И вынув из-под одежды короткий меч, вроде кинжала, с драгоценной рукояткой, один из спутников подал его почтительно.
Спотыкаясь во мраке, Агамемнон и Филлис вошли в глубокий темный переулок, недалеко от рынка.
— Здесь, здесь! Не бойся. Входи.
Они вступили в преддверье маленького пустынного храма; лампада на цепочках, готовая потухнуть, слабо освещала грубые, старые столбы.
— Притвори дверь.
И Филлис неслышно сбросила на каменный пол мягкую, темную хламиду.

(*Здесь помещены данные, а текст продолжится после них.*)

(* Both conclusions are residues of the Jacobi identity.  Taking the
   coefficient of x0^n (n >= 0) extracts (x1 - x2)^n f from the first
   delta-term and (x1 - x2)^n g from the second, while the right-hand side
   vanishes once n exceeds the pole order of h in x0: this is locality.
   Taking the coefficient of x1^(-n-1) instead kills the g-term (no poles of
   g in x1 beyond a fixed order), turns the f-term into (x0 + x2)^n f(x0 + x2, x2)
   and the h-term into (x0 + x2)^n h(x0, x2): this is associativity. *)

Lemma big_ord_trunc (V : zmodType) (u : nat -> V) (K K' : nat) :
  (K <= K')%N -> (forall m, (K <= m)%N -> u m = 0) ->
  \sum_(m < K') u m = \sum_(m < K) u m.
Proof.
move=> leKK' u0; rewrite -!(big_mkord xpredT) (big_cat_nat (n := K)) //=.
rewrite [X in _ + X]big1_seq ?addr0 // => m.
by rewrite mem_index_iota => /andP[_ /andP[leKm _]]; apply: u0.
Qed.

Lemma fsumE (V : zmodType) (u : nat -> V) (K : nat) :
  (forall m, (K <= m)%N -> u m = 0) -> fsum u = \sum_(m < K) u m.
Proof.
move=> u0; rewrite /fsum; case: excluded_middle_informative => [fin|]; last first.
  by case; exists K.
case: (constructive_indefinite_description _ fin) => K0 /= u0'.
rewrite -(@big_ord_trunc _ u K (maxn K K0)) ?leq_maxl //.
by rewrite -(@big_ord_trunc _ u K0 (maxn K K0)) ?leq_maxr.
Qed.

Lemma sum_pascal (V : zmodType) (B : nat -> V) (d e s : nat -> int) (K : nat) :
  (forall m, d m.+1 = e m.+1 + s m) -> d 0%N = e 0%N -> B K.+1 *~ s K = 0 ->
  \sum_(m < K.+1) B m *~ d m =
  \sum_(m < K.+1) B m *~ e m + \sum_(m < K.+1) B m.+1 *~ s m.
Proof.
move=> dS d0 sK.
rewrite big_ord_recl [X in _ = X + _]big_ord_recl [X in _ = _ + X]big_ord_recr /=.
rewrite sK addr0 d0 -addrA; congr (_ + _).
by rewrite -big_split /=; apply: eq_bigr => i _; rewrite dS mulrzDr.
Qed.

Lemma zbinom0 (n : int) : zbinom n 0 = 1.
Proof. by case: n => k /=; rewrite bin0 ?expr0 ?mul1r. Qed.

Lemma zbinomS (n : int) (m : nat) :
  zbinom (n + 1) m.+1 = zbinom n m.+1 + zbinom n m.
Proof.
case: n => [k|[|k]].
- have -> : Posz k + 1 = Posz k.+1 by lia.
  by rewrite /= binS PoszD.
- have -> : Negz 0 + 1 = Posz 0 by [].
  by rewrite /= bin0n /= !add0n !binn exprS; ring.
- have -> : Negz k.+1 + 1 = Negz k by lia.
  rewrite /=.
  have -> : (k.+1 + m.+1 = (k + m.+1).+1)%N by lia.
  have -> : (k.+1 + m = k + m.+1)%N by lia.
  by rewrite binS PoszD exprS; ring.
Qed.

Lemma sqr_sign (m : nat) : (-1) ^+ m * (-1) ^+ m = 1 :> int.
Proof. by rewrite -expr2 sqrr_sign. Qed.

Lemma zbinomN (p : int) (m : nat) :
  zbinom (- p - 1) m * (-1) ^+ m = zbinom (p + m%:Z) m.
Proof.
case: p => [a|a].
  have -> : - Posz a - 1 = Negz a by lia.
  have -> : Posz a + m%:Z = Posz (a + m) by lia.
  by rewrite /= mulrC mulrA sqr_sign mul1r.
have -> : - Negz a - 1 = Posz a by lia.
case: (leqP m a) => [lema|ltam].
  have -> : Negz a + m%:Z = Negz (a - m) by lia.
  by rewrite /= subnK // mulrC.
have -> : Negz a + m%:Z = Posz (m - a.+1) by lia.
by rewrite /= !bin_small ?mul0r //; lia.
Qed.

Lemma in_ser12_vanish (V : zmodType) (f : series2 V) :
  in_ser12 f -> exists N, forall i j, j < N -> f i j = 0.
Proof.
case=> N [L [M supp]]; exists N => i j ltjN; apply/eqP; apply: contraT => /eqP fij.
by have [leNj _] := supp _ _ fij; move: ltjN; rewrite ltNge leNj.
Qed.

Lemma in_ser21_vanish (V : zmodType) (g : series2 V) :
  in_ser21 g -> exists N, forall i j, i < N -> g i j = 0.
Proof.
case=> N [L [M supp]]; exists N => i j ltiN; apply/eqP; apply: contraT => /eqP gij.
by have [leNi _] := supp _ _ gij; move: ltiN; rewrite ltNge leNi.
Qed.

Lemma in_ser20_vanish (V : zmodType) (h : series2 V) :
  in_ser20 h -> exists N, forall k j, k < N -> h k j = 0.
Proof. exact: in_ser21_vanish. Qed.

(* Index -n-1 in x0 (resp. x1) of a delta-term is the residue of x0^n (resp. x1^n)
   times it. *)

Lemma jac1_res_x0 (V : zmodType) (f : series2 V) (n : nat) :
  jac1 f (- n%:Z - 1) =2 mul_x1mx2 n f.
Proof.
move=> i j; rewrite /jac1 /=.
have -> : - (- n%:Z - 1) - 1 = n%:Z by lia.
rewrite (@fsumE _ _ n.+1) => [|m ltnm]; last by rewrite /= bin_small ?mul0r ?mulr0z.
by apply: eq_bigr => m _; congr (f _ _ *~ _); lia.
Qed.

Lemma jac2_res_x0 (V : zmodType) (g : series2 V) (n : nat) :
  jac2 g (- n%:Z - 1) =2 mul_x1mx2 n g.
Proof.
move=> i j; rewrite /jac2 /=.
have -> : - (- n%:Z - 1) - 1 = n%:Z by lia.
rewrite (@fsumE _ _ n.+1) => [|m ltnm]; last first.
  by rewrite /zbinom bin_small // (_ : Posz 0 = 0) // mulr0 mul0r mulr0z.
rewrite /mul_x1mx2 (reindex_inj rev_ord_inj) /=; apply: eq_bigr => m _.
have ltmn := ltn_ord m.
have -> : (n.+1 - m.+1 = n - m)%N by lia.
rewrite bin_sub; last lia.
have signE : (-1) ^+ n = (-1) ^+ (n - m) * (-1) ^+ m :> int.
  by rewrite -exprD subnK //; lia.
rewrite /zbinom /= signE; congr (g _ _ *~ _); try lia.
transitivity ((-1) ^+ (n - m) * (-1) ^+ (n - m) * ('C(n, m)%:Z * (-1) ^+ m)).
  by ring.
by rewrite sqr_sign mul1r.
Qed.

Lemma jac3_res_x0_vanish (V : zmodType) (h : series2 V) (N : int) :
  (forall k j, k < N -> h k j = 0) -> jac3 h (- `|N|%N%:Z - 1) =2 (fun _ _ => 0).
Proof.
move=> h0 i j; rewrite /jac3 (@fsumE _ _ 0) ?big_ord0 // => m _.
by rewrite h0 ?mul0rz //; lia.
Qed.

Она беззвучно хохотала. Когда Агамемнон сжал ее в объятьях, ему показалось, что вокруг тела его обвилась страшная, жаркая змея. Желтые хищные глаза сделались огромными.
Но в это мгновение из внутренности храма раздалось пронзительное гоготание и хлопание белых крыльев, поднявших такой ветер, что лампада едва не потухла.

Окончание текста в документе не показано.